══ Material to process ══

(* For all real $s,t\in(0,\infty)$, every integer $n\ge 2$ and every $\sigma\in(0,2]$, $$n\,t^{n+\sigma}-(n+\sigma)\,t^n s^{\sigma}+\sigma\, s^{n+\sigma}\ \ge\ \sigma\, s^{n+\sigma-2}(t-s)^2 .$$ *)

From Stdlib Require Import Reals.

(* Write t = s e^u. Both sides are homogeneous of degree n + sigma in (s, t), so
   after dividing by s^(n+sigma) the claim becomes, for x = e^u,
     n x^n e^(sigma u) - (n + sigma) x^n + sigma >= sigma (x - 1)^2.
   Since e^(sigma u) >= 1 + sigma u, the left side is at least
   sigma (x^n (n u - 1) + 1). The sequence x^n (n u - 1) is nondecreasing in n,
   so for n >= 2 it dominates x^2 (2 u - 1) >= x^2 - 2 x, which is the claim. *)

From Stdlib Require Import Reals Lra Psatz.
Open Scope R_scope.

Lemma exp_tangent_ge0 (u : R) : 0 <= exp u * u - exp u + 1.
Proof.
  assert (Hinv : exp (- u) * exp u = 1).
  { rewrite <- exp_plus, Rplus_opp_l; exact exp_0. }
  pose proof (exp_ineq1_le (- u)); pose proof (exp_pos u); nra.
Qed.

Lemma mul_exp_sub1_ge0 (u : R) : 0 <= u * (exp u - 1).
Proof.
  destruct (Rle_or_lt 0 u) as [Hu | Hu].
  - pose proof (exp_ineq1_le u); nra.
  - assert (Hlt : exp u < 1) by (rewrite <- exp_0; apply exp_increasing, Hu).
    nra.
Qed.

Lemma pow_exp_mul_sub1_leS (u : R) (n : nat) :
  exp u ^ n * (INR n * u - 1) <= exp u ^ S n * (INR (S n) * u - 1).
Proof.
  rewrite S_INR; simpl pow.
  assert (Hdiff : exp u * (exp u ^ n * ((INR n + 1) * u - 1)) - exp u ^ n * (INR n * u - 1)
    = exp u ^ n * ((exp u * u - exp u + 1) + INR n * (u * (exp u - 1)))) by ring.
  assert (Hpos : 0 <= exp u ^ n * ((exp u * u - exp u + 1) + INR n * (u * (exp u - 1)))).
  { apply Rmult_le_pos; [apply pow_le, Rlt_le, exp_pos |].
    pose proof (exp_tangent_ge0 u); pose proof (mul_exp_sub1_ge0 u).
    pose proof (pos_INR n); nra. }
  lra.
Qed.

Lemma pow_exp_mul_sub1_le (u : R) (m n : nat) : (m <= n)%nat ->
  exp u ^ m * (INR m * u - 1) <= exp u ^ n * (INR n * u - 1).
Proof.
  induction 1 as [| n _ IH]; [lra |].
  pose proof (pow_exp_mul_sub1_leS u n); lra.
Qed.

Lemma lemma2p2_normalized (u sigma : R) (n : nat) : (2 <= n)%nat -> 0 <= sigma ->
  sigma * (exp u - 1) ^ 2
  <= INR n * exp u ^ n * exp (sigma * u) - (INR n + sigma) * exp u ^ n + sigma.
Proof.
  intros Hn Hsigma.
  assert (Hpow : 0 < exp u ^ n) by (apply pow_lt, exp_pos).
  assert (Hn_ge0 : 0 <= INR n) by apply pos_INR.
  assert (Htangent : INR n * exp u ^ n * (1 + sigma * u)
                     <= INR n * exp u ^ n * exp (sigma * u)).
  { apply Rmult_le_compat_l; [nra | apply exp_ineq1_le]. }
  assert (Hmono : exp u ^ 2 * (2 * u - 1) <= exp u ^ n * (INR n * u - 1))
    by exact (pow_exp_mul_sub1_le u 2 n Hn).
  assert (Hquad : (exp u - 1) ^ 2 <= exp u ^ n * (INR n * u - 1) + 1).
  { pose proof (exp_tangent_ge0 u); pose proof (exp_pos u); simpl in Hmono |- *; nra. }
  nra.
Qed.

Lemma Rpower_exp (u a : R) : Rpower (exp u) a = exp (a * u).
Proof. unfold Rpower; rewrite ln_exp; reflexivity. Qed.

Lemma Rpower_sub2 (s a : R) : 0 < s -> Rpower s (a - 2) = Rpower s a / s ^ 2.
Proof.
  intro Hs; unfold Rminus, Rdiv.
  rewrite Rpower_plus, Rpower_Ropp, <- (Rpower_pow 2 s Hs); simpl INR.
  replace (1 + 1) with 2 by ring; reflexivity.
Qed.

Theorem lemma2p2 (s t : R) (n : nat) (sigma : R)
  (hs : 0 < s) (ht : 0 < t) (hn : (2 <= n)%nat)
  (hsig0 : 0 < sigma) (hsig2 : sigma <= 2) :
  INR n * Rpower t (INR n + sigma)
    - (INR n + sigma) * t ^ n * Rpower s sigma
    + sigma * Rpower s (INR n + sigma)
  >= sigma * Rpower s (INR n + sigma - 2) * (t - s) ^ 2.
Proof.
  set (u := ln (t / s)).
  assert (Ht : t = s * exp u)
    by (unfold u; rewrite exp_ln; [field | apply Rdiv_lt_0_compat]; lra).
  assert (Hscale : Rpower (s * exp u) (INR n + sigma)
                   = Rpower s (INR n + sigma) * (exp u ^ n * exp (sigma * u))).
  { rewrite <- Rpower_mult_distr, Rpower_plus with (z := exp u), Rpower_pow, Rpower_exp;
      [reflexivity | apply exp_pos | exact hs | apply exp_pos]. }
  assert (Hsplit : Rpower s (INR n + sigma) = s ^ n * Rpower s sigma)
    by (rewrite Rpower_plus, Rpower_pow; [reflexivity | exact hs]).
  assert (Hc : 0 < s ^ n * Rpower s sigma)
    by (apply Rmult_lt_0_compat; [apply pow_lt, hs | apply exp_pos]).
  rewrite Ht, Hscale, Rpower_sub2, Hsplit, Rpow_mult_distr by exact hs.
  replace (sigma * (s ^ n * Rpower s sigma / s ^ 2) * (s * exp u - s) ^ 2)
    with ((s ^ n * Rpower s sigma) * (sigma * (exp u - 1) ^ 2)) by (field; lra).
  pose proof (lemma2p2_normalized u sigma n hn (Rlt_le _ _ hsig0)).
  apply Rle_ge.
  replace (INR n * (s ^ n * Rpower s sigma * (exp u ^ n * exp (sigma * u)))
             - (INR n + sigma) * (s ^ n * exp u ^ n) * Rpower s sigma
             + sigma * (s ^ n * Rpower s sigma))
    with ((s ^ n * Rpower s sigma)
          * (INR n * exp u ^ n * exp (sigma * u) - (INR n + sigma) * exp u ^ n + sigma))
    by ring.
  apply Rmult_le_compat_l; lra.
Qed.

═══

◆ **Exercise details**
Write a verbatim copy of the listing above.

◆ **Written solution**
(* For all real $s,t\in(0,\infty)$, every integer $n\ge 2$ and every $\sigma\in(0,2]$, $$n\,t^{n+\sigma}-(n+\sigma)\,t^n s^{\sigma}+\sigma\, s^{n+\sigma}\ \ge\ \sigma\, s^{n+\sigma-2}(t-s)^2 .$$ *)

From Stdlib Require Import Reals.

(* Write t = s e^u. Both sides are homogeneous of degree n + sigma in (s, t), so
   after dividing by s^(n+sigma) the claim becomes, for x = e^u,
     n x^n e^(sigma u) - (n + sigma) x^n + sigma >= sigma (x - 1)^2.
   Since e^(sigma u) >= 1 + sigma u, the left side is at least
   sigma (x^n (n u - 1) + 1). The sequence x^n (n u - 1) is nondecreasing in n,
   so for n >= 2 it dominates x^2 (2 u - 1) >= x^2 - 2 x, which is the claim. *)

From Stdlib Require Import Reals Lra Psatz.
Open Scope R_scope.

Lemma exp_tangent_ge0 (u : R) : 0 <= exp u * u - exp u + 1.
Proof.
  assert (Hinv : exp (- u) * exp u = 1).
  { rewrite <- exp_plus, Rplus_opp_l; exact exp_0. }
  pose proof (exp_ineq1_le (- u)); pose proof (exp_pos u); nra.
Qed.

Lemma mul_exp_sub1_ge0 (u : R) : 0 <= u * (exp u - 1).
Proof.
  destruct (Rle_or_lt 0 u) as [Hu | Hu].
  - pose proof (exp_ineq1_le u); nra.
  - assert (Hlt : exp u < 1) by (rewrite <- exp_0; apply exp_increasing, Hu).
    nra.
Qed.

Lemma pow_exp_mul_sub1_leS (u : R) (n : nat) :
  exp u ^ n * (INR n * u - 1) <= exp u ^ S n * (INR (S n) * u - 1).
Proof.
  rewrite S_INR; simpl pow.
  assert (Hdiff : exp u * (exp u ^ n * ((INR n + 1) * u - 1)) - exp u ^ n * (INR n * u - 1)
    = exp u ^ n * ((exp u * u - exp u + 1) + INR n * (u * (exp u - 1)))) by ring.
  assert (Hpos : 0 <= exp u ^ n * ((exp u * u - exp u + 1) + INR n * (u * (exp u - 1)))).
  { apply Rmult_le_pos; [apply pow_le, Rlt_le, exp_pos |].
    pose proof (exp_tangent_ge0 u); pose proof (mul_exp_sub1_ge0 u).
    pose proof (pos_INR n); nra. }
  lra.
Qed.

Lemma pow_exp_mul_sub1_le (u : R) (m n : nat) : (m <= n)%nat ->
  exp u ^ m * (INR m * u - 1) <= exp u ^ n * (INR n * u - 1).
Proof.
  induction 1 as [| n _ IH]; [lra |].
  pose proof (pow_exp_mul_sub1_leS u n); lra.
Qed.

Lemma lemma2p2_normalized (u sigma : R) (n : nat) : (2 <= n)%nat -> 0 <= sigma ->
  sigma * (exp u - 1) ^ 2
  <= INR n * exp u ^ n * exp (sigma * u) - (INR n + sigma) * exp u ^ n + sigma.
Proof.
  intros Hn Hsigma.
  assert (Hpow : 0 < exp u ^ n) by (apply pow_lt, exp_pos).
  assert (Hn_ge0 : 0 <= INR n) by apply pos_INR.
  assert (Htangent : INR n * exp u ^ n * (1 + sigma * u)
                     <= INR n * exp u ^ n * exp (sigma * u)).
  { apply Rmult_le_compat_l; [nra | apply exp_ineq1_le]. }
  assert (Hmono : exp u ^ 2 * (2 * u - 1) <= exp u ^ n * (INR n * u - 1))
    by exact (pow_exp_mul_sub1_le u 2 n Hn).
  assert (Hquad : (exp u - 1) ^ 2 <= exp u ^ n * (INR n * u - 1) + 1).
  { pose proof (exp_tangent_ge0 u); pose proof (exp_pos u); simpl in Hmono |- *; nra. }
  nra.
Qed.

Lemma Rpower_exp (u a : R) : Rpower (exp u) a = exp (a * u).
Proof. unfold Rpower; rewrite ln_exp; reflexivity. Qed.

Lemma Rpower_sub2 (s a : R) : 0 < s -> Rpower s (a - 2) = Rpower s a / s ^ 2.
Proof.
  intro Hs; unfold Rminus, Rdiv.
  rewrite Rpower_plus, Rpower_Ropp, <- (Rpower_pow 2 s Hs); simpl INR.
  replace (1 + 1) with 2 by ring; reflexivity.
Qed.

Theorem lemma2p2 (s t : R) (n : nat) (sigma : R)
  (hs : 0 < s) (ht : 0 < t) (hn : (2 <= n)%nat)
  (hsig0 : 0 < sigma) (hsig2 : sigma <= 2) :
  INR n * Rpower t (INR n + sigma)
    - (INR n + sigma) * t ^ n * Rpower s sigma
    + sigma * Rpower s (INR n + sigma)
  >= sigma * Rpower s (INR n + sigma - 2) * (t - s) ^ 2.
Proof.
  set (u := ln (t / s)).
  assert (Ht : t = s * exp u)
    by (unfold u; rewrite exp_ln; [field | apply Rdiv_lt_0_compat]; lra).
  assert (Hscale : Rpower (s * exp u) (INR n + sigma)
                   = Rpower s (INR n + sigma) * (exp u ^ n * exp (sigma * u))).
  { rewrite <- Rpower_mult_distr, Rpower_plus with (z := exp u), Rpower_pow, Rpower_exp;
      [reflexivity | apply exp_pos | exact hs | apply exp_pos]. }
  assert (Hsplit : Rpower s (INR n + sigma) = s ^ n * Rpower s sigma)
    by (rewrite Rpower_plus, Rpower_pow; [reflexivity | exact hs]).
  assert (Hc : 0 < s ^ n * Rpower s sigma)
    by (apply Rmult_lt_0_compat; [apply pow_lt, hs | apply exp_pos]).
  rewrite Ht, Hscale, Rpower_sub2, Hsplit, Rpow_mult_distr by exact hs.
  replace (sigma * (s ^ n * Rpower s sigma / s ^ 2) * (s * exp u - s) ^ 2)
    with ((s ^ n * Rpower s sigma) * (sigma * (exp u - 1) ^ 2)) by (field; lra).
  pose proof (lemma2p2_normalized u sigma n hn (Rlt_le _ _ hsig0)).
  apply Rle_ge.
  replace (INR n * (s ^ n * Rpower s sigma * (exp u ^ n * exp (sigma * u)))
             - (INR n + sigma) * (s ^ n * exp u ^ n) * Rpower s sigma
             + sigma * (s ^ n * Rpower s sigma))
    with ((s ^ n * Rpower s sigma)
          * (INR n * exp u ^ n * exp (sigma * u) - (INR n + sigma) * exp u ^ n + sigma))
    by ring.
  apply Rmult_le_compat_l; lra.
Qed.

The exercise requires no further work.